WHAT YOU NEED TO DO → Report only the number of lines in the entries below that hold the word "imsetP".

[Dataset entries]
────────

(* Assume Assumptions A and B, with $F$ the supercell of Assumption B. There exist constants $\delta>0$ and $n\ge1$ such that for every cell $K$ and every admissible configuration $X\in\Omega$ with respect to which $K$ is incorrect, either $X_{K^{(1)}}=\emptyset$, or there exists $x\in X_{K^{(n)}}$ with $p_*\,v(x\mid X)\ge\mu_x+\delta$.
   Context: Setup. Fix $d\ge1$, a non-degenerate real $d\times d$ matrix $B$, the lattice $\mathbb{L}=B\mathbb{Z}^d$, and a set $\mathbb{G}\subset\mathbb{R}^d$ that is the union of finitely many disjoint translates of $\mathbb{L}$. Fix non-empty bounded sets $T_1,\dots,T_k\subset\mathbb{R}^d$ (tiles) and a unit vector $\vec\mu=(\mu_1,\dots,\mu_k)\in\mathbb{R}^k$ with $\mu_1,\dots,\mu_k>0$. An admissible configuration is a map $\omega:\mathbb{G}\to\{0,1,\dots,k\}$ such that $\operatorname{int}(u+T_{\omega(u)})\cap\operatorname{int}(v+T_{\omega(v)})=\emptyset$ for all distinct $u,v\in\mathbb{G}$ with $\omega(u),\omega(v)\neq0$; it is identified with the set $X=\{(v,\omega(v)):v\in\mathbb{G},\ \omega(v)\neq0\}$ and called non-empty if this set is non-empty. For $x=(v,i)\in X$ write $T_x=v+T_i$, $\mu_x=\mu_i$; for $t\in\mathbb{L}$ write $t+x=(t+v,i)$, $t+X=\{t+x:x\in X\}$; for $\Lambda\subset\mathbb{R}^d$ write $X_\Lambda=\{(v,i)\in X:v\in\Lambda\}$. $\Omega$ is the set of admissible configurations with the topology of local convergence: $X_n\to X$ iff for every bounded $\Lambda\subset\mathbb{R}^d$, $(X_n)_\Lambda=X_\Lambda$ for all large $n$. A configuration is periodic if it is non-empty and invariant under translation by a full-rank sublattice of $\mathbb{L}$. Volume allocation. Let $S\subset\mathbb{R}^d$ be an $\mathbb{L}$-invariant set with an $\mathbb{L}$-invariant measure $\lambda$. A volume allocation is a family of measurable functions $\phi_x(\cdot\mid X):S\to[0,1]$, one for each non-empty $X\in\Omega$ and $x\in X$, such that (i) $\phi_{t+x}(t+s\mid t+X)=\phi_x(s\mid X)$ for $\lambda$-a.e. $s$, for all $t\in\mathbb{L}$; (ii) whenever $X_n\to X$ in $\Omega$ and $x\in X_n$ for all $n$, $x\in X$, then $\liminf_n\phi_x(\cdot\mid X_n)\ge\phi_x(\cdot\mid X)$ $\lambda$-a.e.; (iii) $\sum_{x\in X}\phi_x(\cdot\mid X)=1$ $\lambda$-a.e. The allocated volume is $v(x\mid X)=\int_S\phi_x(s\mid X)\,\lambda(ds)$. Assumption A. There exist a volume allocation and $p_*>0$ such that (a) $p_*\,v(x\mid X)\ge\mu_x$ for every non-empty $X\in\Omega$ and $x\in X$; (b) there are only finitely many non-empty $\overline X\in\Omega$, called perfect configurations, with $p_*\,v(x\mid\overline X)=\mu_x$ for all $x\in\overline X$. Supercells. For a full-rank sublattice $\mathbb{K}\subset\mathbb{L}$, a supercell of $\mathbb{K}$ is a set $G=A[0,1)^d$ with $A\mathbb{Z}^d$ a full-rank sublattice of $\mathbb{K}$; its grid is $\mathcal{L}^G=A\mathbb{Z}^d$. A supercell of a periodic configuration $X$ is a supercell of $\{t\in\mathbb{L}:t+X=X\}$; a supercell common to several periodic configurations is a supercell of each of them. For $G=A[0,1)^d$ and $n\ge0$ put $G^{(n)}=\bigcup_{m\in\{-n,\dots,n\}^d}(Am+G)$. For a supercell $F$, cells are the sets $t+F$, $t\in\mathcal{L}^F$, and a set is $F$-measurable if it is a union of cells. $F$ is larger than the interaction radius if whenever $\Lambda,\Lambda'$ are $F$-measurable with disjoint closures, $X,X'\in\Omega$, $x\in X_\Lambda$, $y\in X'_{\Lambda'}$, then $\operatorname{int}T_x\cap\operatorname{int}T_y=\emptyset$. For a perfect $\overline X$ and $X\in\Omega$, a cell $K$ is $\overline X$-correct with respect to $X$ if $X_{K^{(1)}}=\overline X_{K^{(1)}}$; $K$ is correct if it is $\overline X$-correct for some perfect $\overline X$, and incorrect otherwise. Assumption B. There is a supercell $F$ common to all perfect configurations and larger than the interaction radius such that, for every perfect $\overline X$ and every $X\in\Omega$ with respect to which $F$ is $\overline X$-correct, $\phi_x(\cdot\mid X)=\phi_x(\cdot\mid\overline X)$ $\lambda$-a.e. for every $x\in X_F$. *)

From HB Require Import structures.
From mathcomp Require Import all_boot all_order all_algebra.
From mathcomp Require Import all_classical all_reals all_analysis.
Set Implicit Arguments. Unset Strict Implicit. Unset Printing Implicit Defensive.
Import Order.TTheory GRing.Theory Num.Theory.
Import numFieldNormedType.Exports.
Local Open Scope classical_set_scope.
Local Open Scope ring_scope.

────────

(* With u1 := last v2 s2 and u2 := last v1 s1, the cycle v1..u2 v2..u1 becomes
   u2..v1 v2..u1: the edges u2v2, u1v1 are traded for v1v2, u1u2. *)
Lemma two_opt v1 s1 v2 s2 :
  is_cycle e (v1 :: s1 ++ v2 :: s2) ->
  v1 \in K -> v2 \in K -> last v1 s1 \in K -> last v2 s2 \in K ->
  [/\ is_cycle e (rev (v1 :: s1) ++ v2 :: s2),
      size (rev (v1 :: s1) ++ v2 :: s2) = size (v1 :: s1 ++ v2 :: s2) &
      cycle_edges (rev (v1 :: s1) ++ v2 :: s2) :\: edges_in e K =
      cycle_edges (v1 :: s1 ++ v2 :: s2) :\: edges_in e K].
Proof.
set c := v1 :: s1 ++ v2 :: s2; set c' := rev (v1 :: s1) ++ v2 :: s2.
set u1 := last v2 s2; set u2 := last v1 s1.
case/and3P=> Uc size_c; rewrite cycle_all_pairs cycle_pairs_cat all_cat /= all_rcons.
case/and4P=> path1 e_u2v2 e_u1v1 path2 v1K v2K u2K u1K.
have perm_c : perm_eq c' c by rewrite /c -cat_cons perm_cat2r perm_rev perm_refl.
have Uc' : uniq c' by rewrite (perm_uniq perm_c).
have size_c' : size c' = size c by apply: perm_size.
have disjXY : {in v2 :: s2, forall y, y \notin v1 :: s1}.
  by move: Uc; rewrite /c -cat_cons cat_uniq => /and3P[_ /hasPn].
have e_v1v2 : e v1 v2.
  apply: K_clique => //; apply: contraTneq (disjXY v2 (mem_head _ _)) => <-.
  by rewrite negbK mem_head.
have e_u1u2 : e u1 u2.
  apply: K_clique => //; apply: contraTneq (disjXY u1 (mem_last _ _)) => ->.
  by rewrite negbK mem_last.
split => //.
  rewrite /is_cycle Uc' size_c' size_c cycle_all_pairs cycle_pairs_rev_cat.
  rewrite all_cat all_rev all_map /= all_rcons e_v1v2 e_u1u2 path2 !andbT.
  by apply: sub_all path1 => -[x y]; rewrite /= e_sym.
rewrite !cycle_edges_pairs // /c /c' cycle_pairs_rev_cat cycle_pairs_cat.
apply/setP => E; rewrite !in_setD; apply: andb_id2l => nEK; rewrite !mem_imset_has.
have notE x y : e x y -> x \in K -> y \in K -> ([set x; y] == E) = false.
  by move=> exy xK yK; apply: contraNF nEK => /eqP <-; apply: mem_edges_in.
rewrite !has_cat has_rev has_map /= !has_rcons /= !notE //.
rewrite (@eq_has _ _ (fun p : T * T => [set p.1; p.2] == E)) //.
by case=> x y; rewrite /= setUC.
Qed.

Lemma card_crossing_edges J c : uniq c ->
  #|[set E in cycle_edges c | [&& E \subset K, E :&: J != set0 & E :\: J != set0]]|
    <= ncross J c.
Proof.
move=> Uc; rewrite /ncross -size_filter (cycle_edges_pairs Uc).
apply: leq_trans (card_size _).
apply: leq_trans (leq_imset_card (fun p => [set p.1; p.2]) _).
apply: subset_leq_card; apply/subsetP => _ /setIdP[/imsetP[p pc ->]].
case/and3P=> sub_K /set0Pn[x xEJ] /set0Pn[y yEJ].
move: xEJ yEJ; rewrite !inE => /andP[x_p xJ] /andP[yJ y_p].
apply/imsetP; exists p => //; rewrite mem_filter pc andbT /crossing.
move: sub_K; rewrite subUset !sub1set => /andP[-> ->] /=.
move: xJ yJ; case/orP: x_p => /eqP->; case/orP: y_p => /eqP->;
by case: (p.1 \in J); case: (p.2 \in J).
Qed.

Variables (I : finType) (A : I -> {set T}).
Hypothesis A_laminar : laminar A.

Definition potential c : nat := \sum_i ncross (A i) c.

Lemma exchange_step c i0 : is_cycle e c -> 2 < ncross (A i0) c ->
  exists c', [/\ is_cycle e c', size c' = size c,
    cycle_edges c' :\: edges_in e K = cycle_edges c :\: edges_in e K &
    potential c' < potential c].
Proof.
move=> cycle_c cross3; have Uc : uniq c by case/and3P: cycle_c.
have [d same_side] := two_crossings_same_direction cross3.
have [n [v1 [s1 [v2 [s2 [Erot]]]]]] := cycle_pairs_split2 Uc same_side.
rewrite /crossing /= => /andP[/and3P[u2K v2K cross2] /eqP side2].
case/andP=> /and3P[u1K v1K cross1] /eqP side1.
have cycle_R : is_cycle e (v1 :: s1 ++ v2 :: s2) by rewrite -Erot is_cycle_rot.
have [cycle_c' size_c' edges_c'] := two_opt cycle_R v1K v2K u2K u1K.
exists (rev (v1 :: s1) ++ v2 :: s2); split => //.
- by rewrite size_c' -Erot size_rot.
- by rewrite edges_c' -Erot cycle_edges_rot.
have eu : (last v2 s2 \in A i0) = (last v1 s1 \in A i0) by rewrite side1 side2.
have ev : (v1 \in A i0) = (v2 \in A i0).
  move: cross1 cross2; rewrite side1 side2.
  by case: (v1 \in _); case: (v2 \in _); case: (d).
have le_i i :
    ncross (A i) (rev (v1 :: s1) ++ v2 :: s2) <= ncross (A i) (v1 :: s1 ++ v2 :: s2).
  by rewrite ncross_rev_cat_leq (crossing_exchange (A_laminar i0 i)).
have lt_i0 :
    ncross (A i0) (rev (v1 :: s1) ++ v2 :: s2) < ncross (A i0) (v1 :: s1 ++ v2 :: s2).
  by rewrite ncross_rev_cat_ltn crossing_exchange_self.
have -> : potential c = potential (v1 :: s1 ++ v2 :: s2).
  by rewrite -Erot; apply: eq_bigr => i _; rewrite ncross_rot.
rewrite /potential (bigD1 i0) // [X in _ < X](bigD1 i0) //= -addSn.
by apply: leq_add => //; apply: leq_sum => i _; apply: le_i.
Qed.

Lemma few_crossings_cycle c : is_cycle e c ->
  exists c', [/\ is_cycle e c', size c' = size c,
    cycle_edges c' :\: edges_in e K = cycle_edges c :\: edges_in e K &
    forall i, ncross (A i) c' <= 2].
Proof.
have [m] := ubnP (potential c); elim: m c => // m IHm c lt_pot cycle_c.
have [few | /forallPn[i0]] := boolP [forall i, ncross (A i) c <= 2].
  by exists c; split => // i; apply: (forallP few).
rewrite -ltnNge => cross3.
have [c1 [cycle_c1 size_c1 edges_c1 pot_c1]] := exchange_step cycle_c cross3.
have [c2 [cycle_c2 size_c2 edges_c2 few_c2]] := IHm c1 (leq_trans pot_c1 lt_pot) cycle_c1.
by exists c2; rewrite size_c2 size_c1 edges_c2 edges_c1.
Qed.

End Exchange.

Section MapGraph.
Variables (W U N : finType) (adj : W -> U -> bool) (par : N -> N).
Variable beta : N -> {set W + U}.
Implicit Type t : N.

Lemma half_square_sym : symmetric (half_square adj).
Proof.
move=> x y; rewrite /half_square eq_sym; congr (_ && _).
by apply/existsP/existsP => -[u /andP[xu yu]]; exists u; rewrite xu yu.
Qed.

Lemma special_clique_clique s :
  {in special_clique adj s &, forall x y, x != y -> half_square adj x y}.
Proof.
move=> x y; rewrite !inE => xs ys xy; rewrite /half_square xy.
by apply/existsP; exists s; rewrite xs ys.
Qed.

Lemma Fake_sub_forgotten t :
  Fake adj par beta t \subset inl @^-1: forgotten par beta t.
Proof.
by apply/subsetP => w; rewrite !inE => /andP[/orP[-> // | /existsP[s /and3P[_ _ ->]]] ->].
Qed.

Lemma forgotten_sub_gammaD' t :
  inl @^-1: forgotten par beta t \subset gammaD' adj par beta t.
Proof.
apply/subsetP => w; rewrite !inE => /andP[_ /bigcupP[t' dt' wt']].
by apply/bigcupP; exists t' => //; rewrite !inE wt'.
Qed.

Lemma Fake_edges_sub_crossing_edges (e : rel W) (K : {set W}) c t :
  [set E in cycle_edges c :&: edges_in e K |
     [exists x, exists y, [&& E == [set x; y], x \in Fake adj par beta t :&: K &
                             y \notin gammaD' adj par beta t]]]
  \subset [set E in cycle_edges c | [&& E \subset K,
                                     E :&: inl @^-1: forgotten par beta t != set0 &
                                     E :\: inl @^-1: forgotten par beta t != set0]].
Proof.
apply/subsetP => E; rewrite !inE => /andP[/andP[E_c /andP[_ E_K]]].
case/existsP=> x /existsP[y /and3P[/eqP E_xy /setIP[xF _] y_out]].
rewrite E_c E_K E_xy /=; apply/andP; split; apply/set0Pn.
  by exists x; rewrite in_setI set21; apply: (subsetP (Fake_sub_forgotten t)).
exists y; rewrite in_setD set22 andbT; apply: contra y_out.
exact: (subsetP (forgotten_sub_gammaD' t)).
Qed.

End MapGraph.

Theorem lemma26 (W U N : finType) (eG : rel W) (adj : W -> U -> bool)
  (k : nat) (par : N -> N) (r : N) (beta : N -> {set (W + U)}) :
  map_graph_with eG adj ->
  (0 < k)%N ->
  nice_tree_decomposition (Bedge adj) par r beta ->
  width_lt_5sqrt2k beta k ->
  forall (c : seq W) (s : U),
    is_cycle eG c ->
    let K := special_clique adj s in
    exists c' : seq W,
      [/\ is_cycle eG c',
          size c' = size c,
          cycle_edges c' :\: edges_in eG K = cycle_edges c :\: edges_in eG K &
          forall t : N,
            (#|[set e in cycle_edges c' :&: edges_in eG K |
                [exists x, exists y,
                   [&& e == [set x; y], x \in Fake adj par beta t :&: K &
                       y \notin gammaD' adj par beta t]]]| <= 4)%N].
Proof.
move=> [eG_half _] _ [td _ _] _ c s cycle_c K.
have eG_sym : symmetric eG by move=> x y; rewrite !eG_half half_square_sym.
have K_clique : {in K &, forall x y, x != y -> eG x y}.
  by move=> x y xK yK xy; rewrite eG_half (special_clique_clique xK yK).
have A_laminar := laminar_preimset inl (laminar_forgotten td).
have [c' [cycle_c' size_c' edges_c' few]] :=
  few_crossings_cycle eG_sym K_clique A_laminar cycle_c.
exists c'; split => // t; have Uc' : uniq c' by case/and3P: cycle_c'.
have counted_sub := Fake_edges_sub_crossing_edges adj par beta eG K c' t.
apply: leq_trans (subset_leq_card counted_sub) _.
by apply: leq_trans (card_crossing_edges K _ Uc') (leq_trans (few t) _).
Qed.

────────

EXERCISE RESPONSE → 2